アメリカで英語で小説を発表しているアジア人作家といえば『停電の夜に』『その名にちなんで』のジュンパ・ラヒリがいるが、インドと中国という故国の違いはあってもこのふたりの作風はすごく似ている。年齢が近くてふたりとも女性ということもあるけど、視点が濃やかで対象へのアプローチが非常にソフトでありながらクール、というタッチがそっくりなのだ。ただラヒリがインド系二世であるのに対してリーは一世なので、故国を離れて故国を文学に描く必然性には微妙なズレはもちろんある。
ちなみにリーとぐりはちょうど同年代にあたる。
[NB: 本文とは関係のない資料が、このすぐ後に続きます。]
Lemma hits_neq0 p q : (exists n, hits p q n <> 0) <-> ~ ClosedOf p q.
Proof.
  unfold hits, ClosedOf. split.
  - intros [n Hn] Hq. apply sum_below_neq0 in Hn as [i [_ Hi]].
    apply sum_below_neq0 in Hi as [len [_ Hlen]].
    apply (Hq i). destruct (Nat.eqb_spec (p i) (S (code (pref q len)))) as [E | E]; [|easy].
    rewrite E. apply basic_S_iff. eauto.
  - intros Hq. apply NNPP. intros Hn. apply Hq. intros i Hi.
    destruct (p i) as [|m] eqn:E; [exact Hi|].
    apply basic_S_iff in Hi as [len ->].
    apply Hn. exists (i + len). rewrite sum_below_neq0. exists i. split; [lia|].
    rewrite sum_below_neq0. exists len. split; [lia|]. now rewrite E, Nat.eqb_refl.
Qed.

(* The closed set named by [sierp_closed o] is [{z | z 0 = 0}] if [o = 000...], and
   otherwise the nonempty set of [z] with [z 0 = S n] for some [n] with [o n <> 0]. *)
Definition sierp_closed (o : Baire) (n : nat) : nat :=
  S (code [if o n =? 0 then S n else 0]).

Lemma basic_sierp_closed o n z :
  basic (sierp_closed o n) z <-> z 0 = (if o n =? 0 then S n else 0).
Proof. unfold sierp_closed, basic. rewrite decode_code. simpl. tauto. Qed.

Definition psierp_closed :=
  PComp PSucc [PComp PSucc [PComp ppair
    [PComp (PPrim (PComp PSucc [PProj 0]) PZero) [PComp POracle [PProj 0]; PProj 0]; PZero]]].
Lemma computes_psierp_closed o : computes psierp_closed o (sierp_closed o).
Proof.
  apply computes_of_unary. program_spec. intros v _. unfold sierp_closed. simpl.
  now destruct (o (nth 0 v 0)).
Qed.

Definition psg_right_head := PComp psg [PComp POracle [PComp PSucc [PZero]]].
Lemma computes_psg_right_head p q :
  computes psg_right_head (bpair p q) (fun _ => if q 0 =? 0 then 0 else 1).
Proof.
  apply computes_of_unary. program_spec. intros v _. simpl.
  now rewrite <- (bpair_odd p q 0).
Qed.

Lemma computes_oracle p : computes POracle p p.
Proof. intros n. constructor. Qed.

Lemma computes_pright_id p q : computes pright (bpair p q) q.
Proof. apply computes_of_unary. program_spec. intros v _. apply bpair_odd. Qed.

(** * The reductions *)

Lemma pdom_ptot {X Y : RepSpace} (f : problem X Y) (x : X) (y0 : Y) : pdom (ptot f) x.
Proof.
  destruct (classic (pdom f x)) as [[y Hy] | Hn]; [exists y; now left | exists y0; now right].
Qed.
Lemma greedy_step pi mr M : matching M -> #|M| < K -> K.+1 ^ 2 <= 4 * mr ^ 2 ->
  exists M', [/\ matching M', #|M'| = #|M|.+1 &
                 36 * #|wide pi mr M'| <= 35 * #|wide pi mr M|].
Proof.
move=> mM MK Kmr; have [[p j] xU popular] := popular_killer pi mM MK Kmr.
move: (xU); rewrite in_setX => /andP[pU jU].
have xM : (p, j) \notin M by apply: contraL pU => xM; rewrite inE negbK (imset_f _ xM).
exists ((p, j) |: M); split; [exact: matching_setU1 | by rewrite cardsU1 xM |].
set W := wide pi mr M in popular *.
set Hit := [set C in W | (p, j) \in killers C] in popular *.
have HitW : Hit \subset W by apply/subsetP=> C; rewrite inE => /andP[].
have : wide pi mr ((p, j) |: M) \subset W :\: Hit.
  apply/subsetP=> C; rewrite inE => /and3P[Cpi not_forced wideC].
  have CW : C \in W.
    rewrite inE Cpi (contra (@forced_sub _ _ C (subsetUr _ _)) not_forced) /=.
    apply: leq_trans wideC _; rewrite leq_mul2l; apply/orP; right.
    apply/subset_leq_card/setIS; rewrite /free_pairs free_pigeons_setU1 free_holes_setU1.
    by apply: setXS; apply: subD1set.
  by rewrite in_setD CW inE CW (contra (@killer_forced _ M C) not_forced).
move/subset_leq_card; rewrite cardsD (setIidPr HitW).
by have := subset_leq_card HitW; move: popular; clearbody W Hit; lia.
Qed.

Lemma greedy pi mr s : K.+1 ^ 2 <= 4 * mr ^ 2 -> s <= K ->
  exists M, [/\ matching M, #|M| = s & 36 ^ s * #|wide pi mr M| <= 35 ^ s * size pi].
Proof.
move=> Kmr; elim: s => [|s IH] sK.
  exists set0; split; first by apply/forallP=> x; rewrite inE.
    by rewrite cards0.
  rewrite !expn0 !mul1n; apply: leq_trans (card_size pi).
  by apply/subset_leq_card/subsetP=> C; rewrite inE => /and3P[].
have [M [mM cardM le]] := IH (ltnW sK).
have [|M' [mM' cardM' le']] := greedy_step pi mM _ Kmr; first by rewrite cardM.
exists M'; split=> //; first by rewrite cardM' cardM.
rewrite !expnS; move: le le'; move: (36 ^ s) (35 ^ s) #|wide pi mr M| #|wide pi mr M'|.
by move=> a b w w' le le'; nia.
Qed.

Theorem refutation_size_critical pi : 13 <= K.+1 -> refutation Phi pi ->
  36 ^ (K.+1)./2 <= 35 ^ (K.+1)./2 * size pi.
Proof.
move=> K13 ref; set r := (K.+1)./2; set mr := K.+1 - r.
have Kmr : K.+1 ^ 2 <= 4 * mr ^ 2.
  by rewrite -[4]/(2 ^ 2) -expnMn leq_sqr /mr /r; lia.
have [|M [mM cardM le]] := greedy pi Kmr (_ : r <= K); first by rewrite /r; lia.
have freeM : #|free_pigeons M| = mr by rewrite card_free_pigeons // cardM.
have [|C Cpi /andP[not_forced wideC]] := bottleneck mM (_ : 7 <= #|free_pigeons M|) ref.
  by rewrite freeM /mr /r; lia.
have : 0 < #|wide pi mr M| by apply/card_gt0P; exists C; rewrite inE Cpi not_forced -freeM.
by move: le; move: (36 ^ r) (35 ^ r) #|wide pi mr M| => a b w; nia.
Qed.

End CriticalAssignments.

Section PlanningGraphSoundness.
Variables (F B : finType) (pre add del : B -> {set F}).
Implicit Types (s : {set F}) (b : B) (a : B + F) (L : layerT F).

Definition state_in L s :=
  (s \subset L.1) && [forall p in s, forall q in s, (p, q) \notin L.2].

Definition step_actions s b : {set B + F} :=
  inl b |: [set inr p | p in s :\: del b].

Lemma state_in_init init : state_in (init, set0) init.
Proof.
by rewrite /state_in subxx; apply/forall_inP=> p _; apply/forall_inP=> q _; rewrite inE.
Qed.

Lemma step_actions_pre s b a : pre b \subset s -> a \in step_actions s b -> preX pre a \subset s.
Proof.
move=> pb; rewrite in_setU1 => /orP[/eqP-> //|/imsetP[p]].
by rewrite in_setD => /andP[_ ps] ->; rewrite sub1set.
Qed.

Lemma step_actions_present L s b a : state_in L s -> pre b \subset s ->
  a \in step_actions s b -> a \in actions_at pre L.
Proof.
move=> /andP[sL /forall_inP nomutex] pb aA; have pa := step_actions_pre pb aA.
rewrite inE (subset_trans pa sL); apply/forall_inP=> p pP; apply/forall_inP=> q qP.
by move/forall_inP: (nomutex p (subsetP pa _ pP)); apply; apply: (subsetP pa).
Qed.

Lemma step_actions_not_interfere s b a a' : a \in step_actions s b ->
  a' \in step_actions s b -> a != a' -> ~~ interferes pre add del a a'.
Proof.
rewrite !in_setU1 => /orP[/eqP->|/imsetP[p _ ->]] /orP[/eqP->|/imsetP[q qS ->]];
  rewrite ?eqxx // => _; apply/existsP=> -[z]; rewrite !inE //= => /andP[zd /orP[]/eqP zq];
  by move: qS; rewrite in_setD -zq zd.
Qed.

Lemma step_actions_nonmutex L s b a a' : state_in L s -> pre b \subset s ->
  a \in step_actions s b -> a' \in step_actions s b -> ~~ amutex pre add del L a a'.
Proof.
move=> /andP[_ /forall_inP nomutex] pb aA aA'.
rewrite /amutex; have [->|ne] := eqVneq a a' => //=.
rewrite (negbTE (step_actions_not_interfere aA aA' ne)).
rewrite (negbTE (step_actions_not_interfere aA' aA _)) 1?eq_sym //=.
apply/exists_inP=> -[p pP /exists_inP[q qP pq]].
move/forall_inP: (nomutex p (subsetP (step_actions_pre pb aA) _ pP)) => /(_ q).
by rewrite (subsetP (step_actions_pre pb aA') _ qP) pq => /(_ isT).
Qed.

Lemma step_actions_add s b p : p \in (s :\: del b) :|: add b ->
  exists2 a, a \in step_actions s b & p \in addX add a.
Proof.
rewrite in_setU => /orP[pS|pa]; last by exists (inl b); rewrite ?setU11.
by exists (inr p); rewrite /= ?inE // imset_f ?orbT.
Qed.

Lemma state_in_next L s b : state_in L s -> pre b \subset s ->
  state_in (next_layer pre add del L) ((s :\: del b) :|: add b).
Proof.
move=> sL pb; apply/andP; split.
  apply/subsetP=> p /step_actions_add [a aA pa].
  by apply/bigcupP; exists a => //; apply: step_actions_present aA.
apply/forall_inP=> p /step_actions_add [a aA pa].
apply/forall_inP=> q /step_actions_add [a' aA' qa'].
rewrite inE; apply/negP=> /and4P[_ _ _ /forall_inP/(_ a (step_actions_present sL pb aA))].
move/forall_inP/(_ a' (step_actions_present sL pb aA')); rewrite pa qa' /= => mut.
by move: (step_actions_nonmutex sL pb aA aA'); rewrite mut.
Qed.

End PlanningGraphSoundness.

Section MapCriticalAssignments.
Variable k : nat.
Local Notation n := k.+2.
Local Notation T := (2 * n - 2).
Local Notation nd := (node n).
Local Notation V := (pvar (fact n) (move n) T).
Local Notation cfg := {ffun 'I_k.+1 -> 'I_k.+2}.
Local Notation FL := (fact_layer (@move_pre n) (@move_add n) (@move_del n) (map_init n)).
Local Notation AL := (act_layer (@move_pre n) (@move_add n) (@move_del n) (map_init n)).
Local Notation GOAL :=
  (goal_clauses (@move_pre n) (@move_add n) (@move_del n) (map_init n) (map1_goal n) T).
Local Notation PRE := (pre_clauses (@move_pre n) (@move_add n) (@move_del n) (map_init n) T).
Local Notation MUTEX :=
  (mutex_clauses (@move_pre n) (@move_add n) (@move_del n) (map_init n) T).
Implicit Types (g : cfg) (h j : 'I_k.+1) (p q : 'I_k.+2) (t : nat).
文化大革命のことはほとんど記憶になくて、天安門事件は当事者になるにはちょっと年齢が足りなかった世代。物心つくころから急激な近代化に巻きこまれ、近年の愛国教育には染まらなかった世代。
そういう微妙な隙間感もそれぞれの作品に如実に感じる。「死を正しく語るには」に描かれたように父親が核開発者という特殊な家庭環境に育ったせいもあるかもしれない。でもなんとなく、あたしはいったいどっちなんだっけ?的な居心地の悪さは自然と共感できる。ロック世代でもなくゲーム世代でもない日本の70年代っ子と比較するのは違うかもしれないけど。
表題の「千年の祈り」は王穎 (ウェイン・ワン)監督が映画化してアメリカでは既に公開されてるけど(予告編)、ぐり的にお気に入りは「柿たち」かな。登場しない主人公以外の人物に名前がないっていう文体もおもしろいし、ストーリーもハードでいい。ゲイが主人公になっている作品も2篇(「ネブラスカの姫君」「息子」)あったけどなんか意味はあるのかしらん?
ほどよく甘くてほどよく辛くて、やわらかいんだけど歯ごたえもある、舌触りのいい短編小説集。この作家の本は日本ではまだこれ一冊しか出てないけど、また次が出たら是非読みたいです。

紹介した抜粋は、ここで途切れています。